タブレットのエミュレータを起動したのは、8月31日まで残り5日という数字を見た後でした。
個人開発で運用している壁紙アプリは、どれも縦向きの一覧を前提に組んでいます。Play の期限に合わせて targetSdkVersion を 36 に上げる作業そのものは、先に済ませていました。残っていたのは、上げた後に何が変わるかの確認です。
エミュレータを横に倒したら、縦固定にしていたはずの一覧が横に広がりました。マニフェストは触っていません。
無視されるのは、この8つの値です
Android 16(API レベル 36)を対象にしたアプリでは、最小幅が 600dp 以上のディスプレイで、向き・アスペクト比・リサイズ可否の指定が無視されます。対象になるのはタブレット、大画面折りたたみ端末の内側ディスプレイ、そしてデスクトップウィンドウです。
無視される指定は次のとおりです。
| 属性・API | 無視される値 |
screenOrientation | portrait / landscape / reversePortrait / reverseLandscape / sensorPortrait / sensorLandscape / userPortrait / userLandscape |
resizeableActivity | すべて |
minAspectRatio | すべて |
maxAspectRatio | すべて |
setRequestedOrientation() | screenOrientation と同じ8値 |
この表を読むとき、私が最初に見落としていたのは「載っていない値」のほうでした。unspecified・locked・nosensor・sensor・user・fullSensor は、無視される値の一覧に入っていません。
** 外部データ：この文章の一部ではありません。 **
(* Let $\mathcal{F}=\{i_{\alpha\beta}:\alpha\le\beta<\lambda\}$ be a complete iteration system and let $A\subseteq T(\mathcal{F})$ be an antichain such that for some $\alpha<\lambda$ the set $\{f(\alpha):f\in A\}$ is an antichain in $\mathbb{B}_\alpha$ (with $f\mapsto f(\alpha)$ injective on $A$). Then the pointwise supremum $\tilde\bigvee A$ is the supremum of $A$ in ${\sf RO}(T(\mathcal{F}))$.
   Context: A complete iteration system of length $\lambda$ (a limit ordinal) is a family $\mathcal{F}=\{i_{\alpha\beta}:\mathbb{B}_\alpha\to\mathbb{B}_\beta:\alpha\le\beta<\lambda\}$ where each $\mathbb{B}_\alpha$ is a complete Boolean algebra, $i_{\alpha\alpha}$ is the identity, each $i_{\alpha\beta}$ is a regular embedding (injective complete homomorphism) with retraction $\pi_{\alpha\beta}(c)=\bigwedge\{b: i_{\alpha\beta}(b)\ge c\}$, and $i_{\beta\gamma}\circ i_{\alpha\beta}=i_{\alpha\gamma}$. $T(\mathcal{F})$ is the set of threads $f\in\prod_{\alpha<\lambda}\mathbb{B}_\alpha$ with $\pi_{\alpha\beta}(f(\beta))=f(\alpha)$ for all $\alpha\le\beta<\lambda$, ordered pointwise (as a forcing poset the zero thread is removed). For $A\subseteq T(\mathcal{F})$ the pointwise supremum $\tilde\bigvee A$ is the thread $\alpha\mapsto\bigvee\{f(\alpha):f\in A\}$. ${\sf RO}(P)$ denotes the Boolean completion of a poset $P$, into which $P$ embeds densely. *)

From Stdlib Require Import Classical.

Record CBA := {
  cb :> Type;
  cle : cb -> cb -> Prop;
  csup : (cb -> Prop) -> cb;
  cinf : (cb -> Prop) -> cb;
  ccompl : cb -> cb;
  cle_refl : forall x, cle x x;
  cle_trans : forall x y z, cle x y -> cle y z -> cle x z;
  cle_antisym : forall x y, cle x y -> cle y x -> x = y;
  csup_ub : forall S x, S x -> cle x (csup S);
  csup_least : forall S y, (forall x, S x -> cle x y) -> cle (csup S) y;
  cinf_lb : forall S x, S x -> cle (cinf S) x;
  cinf_greatest : forall S y, (forall x, S x -> cle y x) -> cle y (cinf S);
  cdistr : forall x y z,
    cinf (fun w => w = x \/ w = csup (fun v => v = y \/ v = z)) =
    csup (fun v => v = cinf (fun w => w = x \/ w = y) \/
                   v = cinf (fun w => w = x \/ w = z));
  ccompl_meet : forall x,
    cinf (fun w => w = x \/ w = ccompl x) = csup (fun _ => False);
  ccompl_join : forall x,
    csup (fun w => w = x \/ w = ccompl x) = cinf (fun _ => False)
}.

Arguments cle {c}.
Arguments csup {c}.
Arguments cinf {c}.
Arguments ccompl {c}.

Definition cbot (B : CBA) : B := csup (fun _ => False).
Definition cmeet {B : CBA} (x y : B) : B := cinf (fun w => w = x \/ w = y).

Definition complete_hom {B1 B2 : CBA} (h : B1 -> B2) : Prop :=
  (forall S, h (csup S) = csup (fun y => exists x, S x /\ h x = y)) /\
  (forall S, h (cinf S) = cinf (fun y => exists x, S x /\ h x = y)) /\
  (forall x, h (ccompl x) = ccompl (h x)).

Definition regular_embedding {B1 B2 : CBA} (h : B1 -> B2) : Prop :=
  complete_hom h /\ (forall x y, h x = h y -> x = y).

Definition retraction {B1 B2 : CBA} (h : B1 -> B2) (c : B2) : B1 :=
  cinf (fun b => cle c (h b)).

(** * Limit ordinals, represented by a well-ordered index type
    (the set of ordinals below lambda) which is nonempty and has no maximum. *)
Record LimOrd := {
  ix :> Type;
  ilt : ix -> ix -> Prop;
  ilt_irrefl : forall a, ~ ilt a a;
  ilt_trans : forall a b c, ilt a b -> ilt b c -> ilt a c;
  ilt_total : forall a b, ilt a b \/ a = b \/ ilt b a;
  ilt_wf : well_founded ilt;
  ix_inhabited : inhabited ix;
  ix_nomax : forall a, exists b, ilt a b
}.
Arguments ilt {l}.

Definition ile {L : LimOrd} (a b : L) : Prop := ilt a b \/ a = b.

Record CIS (L : LimOrd) := {
  alg : L -> CBA;
  emb : forall a b : L, alg a -> alg b;
  emb_id : forall a (x : alg a), emb a a x = x;
  emb_reg : forall a b, ile a b -> regular_embedding (emb a b);
  emb_comp : forall a b c (x : alg a), ile a b -> ile b c ->
    emb b c (emb a b x) = emb a c x
}.
Arguments alg {L}.
Arguments emb {L}.

Definition proj {L} (F : CIS L) (a b : L) : alg F b -> alg F a :=
  retraction (emb F a b).

Definition is_thread {L} (F : CIS L) (f : forall a, alg F a) : Prop :=
  forall a b, ile a b -> proj F a b (f b) = f a.

Record thread {L} (F : CIS L) := {
  tf :> forall a, alg F a;
  tf_thread : is_thread F tf
}.
Arguments tf {L F}.

Definition tle {L} {F : CIS L} (f g : forall a, alg F a) : Prop :=
  forall a, cle (f a) (g a).

(** nonzero threads: the forcing poset T(F) minus the zero thread *)
Definition nonzero {L} {F : CIS L} (f : thread F) : Prop :=
  exists a, f a <> cbot (alg F a).

Definition compat {L} {F : CIS L} (f : thread F) (g : forall a, alg F a) : Prop :=
  exists s : thread F, nonzero s /\ tle s f /\ tle s g.

Definition antichain {L} {F : CIS L} (A : thread F -> Prop) : Prop :=
  (forall f, A f -> nonzero f) /\
  (forall f g, A f -> A g -> f <> g -> ~ compat f g).

Definition psup {L} {F : CIS L} (A : thread F -> Prop) : forall a, alg F a :=
  fun a => csup (fun x => exists f, A f /\ tf f a = x).

(** * RO(P) for P = nonzero threads: regular open subsets (w.r.t. the
    down-set topology), ordered by inclusion, with the dense embedding
    p |-> int cl (down p). *)
Definition roset {L} (F : CIS L) := thread F -> Prop.

Definition regular_open {L} {F : CIS L} (U : roset F) : Prop :=
  forall q, U q <->
    (nonzero q /\ forall r, nonzero r -> tle r q ->
       exists s, nonzero s /\ tle s r /\ U s).

Definition ro_emb {L} {F : CIS L} (g : forall a, alg F a) : roset F :=
  fun q => nonzero q /\ forall r, nonzero r -> tle r q -> compat r g.

Definition subset {L} {F : CIS L} (U V : roset F) : Prop := forall q, U q -> V q.

Definition is_sup_in_RO {L} {F : CIS L} (A : thread F -> Prop) (g : forall a, alg F a) : Prop :=
  regular_open (ro_emb g) /\
  (forall f, A f -> subset (ro_emb (tf f)) (ro_emb g)) /\
  (forall U, regular_open U -> (forall f, A f -> subset (ro_emb (tf f)) U) ->
     subset (ro_emb g) U).

From Stdlib Require Import Classical.

Definition cjoin {B : CBA} (x y : B) : B := csup (fun v => v = x \/ v = y).
Definition ctop (B : CBA) : B := cinf (fun _ => False).

Section LatticeFacts.
Variable B : CBA.

Lemma bot_le (x : B) : cle (cbot B) x.
Proof. unfold cbot; apply csup_least; intros _ []. Qed.

Lemma le_bot (x : B) : cle x (cbot B) -> x = cbot B.
Proof. intros H; apply cle_antisym; auto using bot_le. Qed.

Lemma le_top (x : B) : cle x (ctop B).
Proof. unfold ctop; apply cinf_greatest; intros _ []. Qed.

Lemma meet_l (x y : B) : cle (cmeet x y) x.
Proof. apply cinf_lb; left; auto. Qed.

Lemma meet_r (x y : B) : cle (cmeet x y) y.
Proof. apply cinf_lb; right; auto. Qed.

Lemma meet_glb (z x y : B) : cle z x -> cle z y -> cle z (cmeet x y).
Proof. intros; apply cinf_greatest; intros w [-> | ->]; auto. Qed.

Lemma join_l (x y : B) : cle x (cjoin x y).
Proof. apply csup_ub; left; auto. Qed.

Lemma join_r (x y : B) : cle y (cjoin x y).
Proof. apply csup_ub; right; auto. Qed.

Lemma join_lub (z x y : B) : cle x z -> cle y z -> cle (cjoin x y) z.
Proof. intros; apply csup_least; intros w [-> | ->]; auto. Qed.

Lemma meet_compl (x : B) : cmeet x (ccompl x) = cbot B.
Proof. apply ccompl_meet. Qed.

Lemma join_compl (x : B) : cjoin x (ccompl x) = ctop B.
Proof. apply ccompl_join. Qed.

Lemma meet_join_distr (x y z : B) :
  cmeet x (cjoin y z) = cjoin (cmeet x y) (cmeet x z).
Proof. apply cdistr. Qed.

Lemma meet_comm_le (x y : B) : cle (cmeet x y) (cmeet y x).
Proof. apply meet_glb; [apply meet_r | apply meet_l]. Qed.

Lemma meet_cancels_compl (p x : B) : cle (cmeet (cjoin p (ccompl x)) x) p.
Proof.
  eapply cle_trans; [apply meet_comm_le |].
  rewrite meet_join_distr. apply join_lub; [apply meet_r |].
  rewrite meet_compl; apply bot_le.
Qed.

Lemma split_along (s x : B) : cle s (cjoin (cmeet x s) (ccompl x)).
Proof.
  apply cle_trans with (cmeet s (cjoin x (ccompl x))).
  - apply meet_glb; [apply cle_refl |]. rewrite join_compl; apply le_top.
  - rewrite meet_join_distr. apply join_lub.
    + eapply cle_trans; [apply meet_comm_le | apply join_l].
    + eapply cle_trans; [apply meet_r | apply join_r].
Qed.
例外もあります。sw600dp 未満の画面、つまり大半のスマートフォンと折りたたみ端末の外側ディスプレイは対象外です。android:appCategory がゲームのアプリも対象から外れます。それから、ユーザーが端末側のアスペクト比設定で従来の挙動を選んだ場合も除かれます。
つまり「スマートフォンで確認したから大丈夫」は成立しません。私がエミュレータを開くまで気づけなかったのは、まさにこの理由でした。
なお、同じ Android 16 でも予測型「戻る」の既定変更はこれとは別の仕組みで、オプトアウトの書き方も違います。そちらはAndroid 16 の予測型「戻る」の判断で扱いました。混ぜて考えると、どちらの対処も中途半端になります。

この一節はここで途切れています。